[CHAPTER XIII.]
Paul Changes His Mind
Gontran made an admirable fiancé, as courteous as he was assiduous. With the aid of Andermatt's purse, he made presents to everyone; and he constantly visited the young girl, either at her own house, or that of Madame Honorat. Paul nearly always accompanied him now, in order to have the opportunity of meeting Charlotte, saying to himself, after each visit, that he would see her no more.
She had bravely resigned herself to her sister's marriage, and she referred to it with apparent unconcern, as if it did not cause her the slightest anxiety. Her character alone seemed a little altered, more sedate, less open. While Gontran was talking soft nothings to Louise in a half-whisper in a corner, Bretigny conversed with her in a serious fashion, and allowed himself to be slowly vanquished, allowed this fresh love to inundate his soul like a flowing tide. He knew what was happening to him, and gave himself up to it, thinking: "Bah! when the moment arrives. I will make my escape—that's all."
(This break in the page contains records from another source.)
(* Let $0\to U\to M\to N\to 0$ be an exact sequence of graded $R$-modules (graded either in the multigraded or in the standard graded sense). If $U$ and $N$ have Stanley decompositions, then so does $M$, and $$\operatorname{Stdepth} M\ge \min(\operatorname{Stdepth} U,\operatorname{Stdepth} N).$$ Likewise, if $U$ and $N$ have Hilbert decompositions, then so does $M$, and $\operatorname{Hdepth} M\ge \min(\operatorname{Hdepth} U,\operatorname{Hdepth} N)$.
   Context: Let $K$ be a field and $R=K[X_1,\dots,X_n]$, considered either with the multigrading ($\mathbb{Z}^n$-grading with $\deg X_i=e_i$, the $i$-th unit vector) or with the standard grading ($\mathbb{Z}$-grading with $\deg X_i=1$). All modules are finitely generated graded $R$-modules. A graded retract of $R$ is a graded $K$-subalgebra $S\subseteq R$ for which there is a graded $K$-algebra epimorphism $\pi:R\to S$ with $\pi|_S=\mathrm{id}_S$ (in the multigraded case: subalgebras generated by a subset of the indeterminates; in the standard graded case: subalgebras generated by a set of linear forms). A Stanley decomposition of $M$ is a finite family $(S_i,x_i)_{i\in I}$ with $x_i\in M$ homogeneous, $S_i$ a graded retract of $R$, $S_i\cap\operatorname{Ann}(x_i)=0$, and $M=\bigoplus_{i\in I}S_ix_i$ as graded $K$-vector spaces. A Hilbert decomposition of $M$ is a finite family $(S_i,s_i)_{i\in I}$ with $s_i$ a degree ($s_i\in\mathbb{Z}^n$, resp. $\mathbb{Z}$), $S_i$ a graded retract of $R$, and $M\cong\bigoplus_{i\in I}S_i(-s_i)$ as graded $K$-vector spaces. The depth of such a decomposition is $\min_{i\in I}\dim S_i$ (the depth of the $R$-module $\bigoplus_i S_i$). $\operatorname{Stdepth}M$ (resp. $\operatorname{Hdepth}M$) is the maximal depth of a Stanley (resp. Hilbert) decomposition of $M$; by convention $\operatorname{Stdepth}0=\infty$ (and likewise for Hdepth). *)

From mathcomp Require Import all_boot all_algebra.
From mathcomp Require Import mpoly.
From Stdlib Require Import ClassicalEpsilon.
(* Summing over the open facilities: every client is counted once, at the
   first copy of its own location. *)
Lemma opening_cost_le : \sum_(f in cap_open) opencost delta c f <= delta * I2_cost c g.
Proof.
case: c_metric => c_ge0 _ _ _.
apply: le_trans (_ : _ <= \sum_(f : capfac) delta * \sum_(x | at_first f x) travel x) _.
  rewrite [leRHS](bigID (mem cap_open)) /= -[leLHS]addr0; apply: lerD.
    by apply: ler_sum => f; apply: opencost_le.
  by apply: sumr_ge0 => f _; rewrite mulr_ge0 //; apply: sumr_ge0 => x _; apply: c_ge0.
rewrite -mulr_sumr /I2_cost ler_wpM2l // (exchange_big_dep xpredT) //=.
apply: ler_sum => x _; rewrite (big_pred1 (first_fac (client_loc x))) // => f.
case: f => [[i b] hb]; rewrite /at_first /= -val_eqE /= xpair_eqE eq_sym.
by case: b {hb}; rewrite ?andbF ?andbT.
Qed.

(* A unit at a closed point is served where it stands; a unit at an open
   point j travels from j to the location of its partner, exactly the
   distance that partner travels to j.  Partners are distinct. *)
Lemma assignment_cost_le :
  \sum_(u : dunit) c (unit_loc u) (capfac_loc (cap_assign u)) <= I2_cost c g.
Proof.
case: c_metric => c_ge0 c_zero c_sym _.
have unit_cost u : c (unit_loc u) (capfac_loc (cap_assign u)) =
                   if unit_loc u \in S then travel (partner u) else 0.
  rewrite /cap_assign /travel; case: ifP => uS /=.
    by rewrite /capfac_loc /= partner_served // c_sym.
  by apply/eqP; rewrite c_zero.
rewrite (eq_bigr _ (fun u _ => unit_cost u)) -big_mkcond /=.
rewrite (eq_bigl (mem [set u : dunit | unit_loc u \in S])) => [|u]; last by rewrite !inE.
rewrite -(big_imset travel partner_inj) /I2_cost.
rewrite [leRHS](bigID (mem (partner @: [set u : dunit | unit_loc u \in S]))) /=.
by rewrite lerDl sumr_ge0.
Qed.

Lemma cap_cost_le : Icap_cost delta c cap_open cap_assign <= (1 + delta) * I2_cost c g.
Proof.
rewrite /Icap_cost mulrDl mul1r [leRHS]addrC.
by apply: lerD; [apply: opening_cost_le | apply: assignment_cost_le].
Qed.

End Construction.

Unset Implicit Arguments. Set Strict Implicit.

Theorem lemma4p1 (R : realFieldType) (F : finType) (c : F -> F -> R)
    (n : F -> nat) (L : nat) (delta : R)
    (S2 : {set F}) (sigma2 : client n -> F) :
  is_metric c ->
  (2 <= #|F|)%N ->
  (forall i, (1 <= n i)%N) ->
  (1 <= L)%N ->
  0 < delta ->
  I2_optimal L c S2 sigma2 ->
  exists (T : {set capfac n L}) (tau : dunit n L -> capfac n L),
    Icap_feasible T tau /\
    Icap_cost delta c T tau <= (1 + 2 * delta) * I2_cost c sigma2.
Proof.
move=> c_metric _ n_pos _ delta_pos [feasible2 _].
have [g [[g_open g_lb] cost_g g_prio]] := normalize c_metric feasible2.
have delta_ge0 : 0 <= delta := ltW delta_pos.
have cost2_ge0 : 0 <= I2_cost c sigma2 by apply: sumr_ge0 => x _; case: c_metric.
exists (cap_open n L S2), (cap_assign n_pos S2 g); split.
  split=> [u | f]; first exact: cap_assign_open.
  exact: cap_assign_capacity.
apply: le_trans (cap_cost_le n_pos g_lb delta_ge0 c_metric g_open) _.
apply: le_trans (_ : _ <= (1 + delta) * I2_cost c sigma2) _.
  by rewrite ler_wpM2l // addr_ge0.
by rewrite ler_wpM2r // lerD2l ler_peMl // ler1n.
Qed.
When he left her, he would go up to see Christiane, who now lay from morning till night stretched on a long chair. At the door, he could not help feeling nervous and irritated, prepared beforehand for those light quarrels to which weariness gives birth. All that she said, all that she was thinking of, annoyed him, even ere she had opened her lips. Her appearance of suffering, her resigned attitude, her looks of reproach and of supplication, made words of anger rise to his lips, which he repressed through good-breeding; and, even when by her side, he kept before his mind the constant memory, the fixed image, of the young girl whom he had just quitted.
As Christiane, tormented with seeing so little of him, overwhelmed him with questions as to how he spent his days, he invented stories, to which she listened attentively, seeking to find out whether he was thinking of some other woman. The powerlessness which she felt in herself to keep a hold on this man, the powerlessness to pour into him a little of that love with which she was tortured, the physical powerlessness to fascinate him still, to give herself to him, to win him back by caresses, since she could not regain him by the tender intimacies of love, made her suspect the worst, without knowing on what to fix her fears.
She vaguely realized that some danger was lowering over her, some great unknown danger. And she was filled with undefined jealousy, jealousy of everything—of women whom she saw passing by her window, and whom she thought charming, without even having any proof that Bretigny had ever spoken to them.
She asked of him: "Have you noticed a very pretty woman, a brunette, rather tall, whom I saw a little while ago, and who must have arrived here within the past few days?"
When he replied, "No, I don't know her," she at once jumped to the conclusion that he was lying, turned pale, and went on: "But it is not possible that you have not seen her. She appears to me very beautiful."